[WORK INSTRUCTIONS] All that is wanted is a word-for-word copy of the line with "congr (_, _, _, _); try exact: val_inj." and every line after it in the data below.
******
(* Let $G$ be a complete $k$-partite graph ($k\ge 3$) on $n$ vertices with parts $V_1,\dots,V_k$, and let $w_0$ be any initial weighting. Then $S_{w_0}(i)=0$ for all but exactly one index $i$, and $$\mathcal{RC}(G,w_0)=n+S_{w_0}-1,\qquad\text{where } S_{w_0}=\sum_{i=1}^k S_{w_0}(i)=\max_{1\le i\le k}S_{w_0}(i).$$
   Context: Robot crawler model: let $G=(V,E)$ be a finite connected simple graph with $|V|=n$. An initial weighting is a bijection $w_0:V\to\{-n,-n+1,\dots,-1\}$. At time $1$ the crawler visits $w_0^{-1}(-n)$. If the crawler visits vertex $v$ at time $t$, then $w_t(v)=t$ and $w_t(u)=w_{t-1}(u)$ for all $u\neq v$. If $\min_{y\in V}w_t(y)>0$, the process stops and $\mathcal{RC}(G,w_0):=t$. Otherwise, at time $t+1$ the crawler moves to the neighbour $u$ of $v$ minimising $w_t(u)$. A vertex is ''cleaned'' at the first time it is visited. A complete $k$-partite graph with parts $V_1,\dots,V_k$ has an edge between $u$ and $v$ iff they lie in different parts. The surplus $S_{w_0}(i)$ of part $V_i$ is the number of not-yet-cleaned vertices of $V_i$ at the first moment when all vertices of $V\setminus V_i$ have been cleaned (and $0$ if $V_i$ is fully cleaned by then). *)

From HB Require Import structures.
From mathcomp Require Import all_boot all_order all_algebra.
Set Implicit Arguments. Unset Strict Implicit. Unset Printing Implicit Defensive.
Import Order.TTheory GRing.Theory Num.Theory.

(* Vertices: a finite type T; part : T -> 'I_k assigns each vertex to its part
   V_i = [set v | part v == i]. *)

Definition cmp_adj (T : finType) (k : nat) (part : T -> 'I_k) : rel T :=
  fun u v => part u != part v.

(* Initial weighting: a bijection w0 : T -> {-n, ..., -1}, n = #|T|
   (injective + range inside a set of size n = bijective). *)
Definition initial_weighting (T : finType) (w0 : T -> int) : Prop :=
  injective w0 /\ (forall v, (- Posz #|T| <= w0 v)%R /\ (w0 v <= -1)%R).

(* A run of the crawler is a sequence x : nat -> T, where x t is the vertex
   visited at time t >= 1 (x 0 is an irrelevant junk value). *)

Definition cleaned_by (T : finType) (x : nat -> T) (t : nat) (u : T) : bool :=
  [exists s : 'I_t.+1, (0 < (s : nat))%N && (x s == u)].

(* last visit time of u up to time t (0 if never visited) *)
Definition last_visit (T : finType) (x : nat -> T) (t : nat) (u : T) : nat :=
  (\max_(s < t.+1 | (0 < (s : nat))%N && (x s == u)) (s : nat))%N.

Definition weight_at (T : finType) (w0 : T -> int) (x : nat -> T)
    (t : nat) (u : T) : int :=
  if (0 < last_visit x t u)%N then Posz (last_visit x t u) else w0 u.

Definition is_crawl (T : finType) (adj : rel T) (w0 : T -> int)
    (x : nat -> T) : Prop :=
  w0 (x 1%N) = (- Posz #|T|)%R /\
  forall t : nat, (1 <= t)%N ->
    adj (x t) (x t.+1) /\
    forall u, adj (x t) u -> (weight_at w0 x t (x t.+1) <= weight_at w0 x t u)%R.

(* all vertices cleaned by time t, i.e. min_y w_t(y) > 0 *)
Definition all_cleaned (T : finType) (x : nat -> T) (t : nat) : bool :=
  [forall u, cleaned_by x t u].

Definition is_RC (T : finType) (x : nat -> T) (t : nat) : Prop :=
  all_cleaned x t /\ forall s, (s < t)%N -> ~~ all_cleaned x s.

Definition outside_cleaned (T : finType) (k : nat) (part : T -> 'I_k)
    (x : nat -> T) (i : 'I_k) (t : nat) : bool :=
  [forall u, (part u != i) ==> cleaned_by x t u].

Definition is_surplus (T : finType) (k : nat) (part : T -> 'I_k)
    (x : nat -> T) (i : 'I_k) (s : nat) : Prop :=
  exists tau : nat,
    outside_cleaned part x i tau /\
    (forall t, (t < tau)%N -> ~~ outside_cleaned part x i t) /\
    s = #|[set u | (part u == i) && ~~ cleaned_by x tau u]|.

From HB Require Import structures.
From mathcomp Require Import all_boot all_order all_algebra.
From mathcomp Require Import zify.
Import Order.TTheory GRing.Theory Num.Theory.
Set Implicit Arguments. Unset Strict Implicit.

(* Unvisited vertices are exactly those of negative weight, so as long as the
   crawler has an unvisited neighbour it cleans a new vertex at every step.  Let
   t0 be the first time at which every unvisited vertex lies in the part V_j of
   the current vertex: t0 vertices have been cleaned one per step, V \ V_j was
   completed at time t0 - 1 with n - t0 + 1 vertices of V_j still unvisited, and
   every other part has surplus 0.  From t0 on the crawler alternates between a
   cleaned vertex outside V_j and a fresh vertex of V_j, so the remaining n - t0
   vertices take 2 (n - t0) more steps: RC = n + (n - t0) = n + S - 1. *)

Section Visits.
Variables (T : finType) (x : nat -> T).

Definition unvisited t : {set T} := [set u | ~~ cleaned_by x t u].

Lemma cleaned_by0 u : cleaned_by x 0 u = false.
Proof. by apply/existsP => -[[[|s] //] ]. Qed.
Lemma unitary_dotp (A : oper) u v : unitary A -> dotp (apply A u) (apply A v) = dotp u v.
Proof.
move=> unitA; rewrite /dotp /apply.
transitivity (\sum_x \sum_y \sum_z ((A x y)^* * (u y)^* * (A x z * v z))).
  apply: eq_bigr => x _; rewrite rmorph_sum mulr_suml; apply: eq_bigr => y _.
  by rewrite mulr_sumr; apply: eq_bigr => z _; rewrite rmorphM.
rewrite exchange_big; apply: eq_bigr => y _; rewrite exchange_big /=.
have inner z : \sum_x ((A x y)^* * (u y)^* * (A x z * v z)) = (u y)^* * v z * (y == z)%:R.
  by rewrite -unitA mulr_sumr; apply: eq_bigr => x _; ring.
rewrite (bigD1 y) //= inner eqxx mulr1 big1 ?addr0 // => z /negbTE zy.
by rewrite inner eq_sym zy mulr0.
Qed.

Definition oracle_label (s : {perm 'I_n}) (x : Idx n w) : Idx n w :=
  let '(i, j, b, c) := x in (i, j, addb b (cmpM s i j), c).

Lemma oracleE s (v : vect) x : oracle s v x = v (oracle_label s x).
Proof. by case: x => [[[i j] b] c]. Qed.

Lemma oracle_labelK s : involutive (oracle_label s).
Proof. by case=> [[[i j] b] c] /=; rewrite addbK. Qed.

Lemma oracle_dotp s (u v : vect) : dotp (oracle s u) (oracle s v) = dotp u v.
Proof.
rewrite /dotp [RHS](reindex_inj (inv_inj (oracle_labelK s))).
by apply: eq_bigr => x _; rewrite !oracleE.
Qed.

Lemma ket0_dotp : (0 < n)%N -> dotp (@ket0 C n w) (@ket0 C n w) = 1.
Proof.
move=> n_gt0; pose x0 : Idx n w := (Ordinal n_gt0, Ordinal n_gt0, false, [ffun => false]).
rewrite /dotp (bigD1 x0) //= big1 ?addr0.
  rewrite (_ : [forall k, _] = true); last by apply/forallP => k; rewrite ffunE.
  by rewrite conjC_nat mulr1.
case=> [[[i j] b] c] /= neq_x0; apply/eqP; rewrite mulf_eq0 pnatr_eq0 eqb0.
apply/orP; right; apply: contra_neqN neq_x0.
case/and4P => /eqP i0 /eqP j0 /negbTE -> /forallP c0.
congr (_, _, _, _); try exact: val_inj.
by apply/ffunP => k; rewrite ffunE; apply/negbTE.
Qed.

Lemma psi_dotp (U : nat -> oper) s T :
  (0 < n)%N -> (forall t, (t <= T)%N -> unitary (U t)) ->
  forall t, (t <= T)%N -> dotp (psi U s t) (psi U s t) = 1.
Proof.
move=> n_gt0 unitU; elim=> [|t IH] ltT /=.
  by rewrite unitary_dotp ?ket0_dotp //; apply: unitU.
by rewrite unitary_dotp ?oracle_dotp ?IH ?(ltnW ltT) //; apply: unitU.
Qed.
******
[RESULT OF THIS TASK]
congr (_, _, _, _); try exact: val_inj.
by apply/ffunP => k; rewrite ffunE; apply/negbTE.
Qed.

Lemma psi_dotp (U : nat -> oper) s T :
  (0 < n)%N -> (forall t, (t <= T)%N -> unitary (U t)) ->
  forall t, (t <= T)%N -> dotp (psi U s t) (psi U s t) = 1.
Proof.
move=> n_gt0 unitU; elim=> [|t IH] ltT /=.
  by rewrite unitary_dotp ?ket0_dotp //; apply: unitU.
by rewrite unitary_dotp ?oracle_dotp ?IH ?(ltnW ltT) //; apply: unitU.
Qed.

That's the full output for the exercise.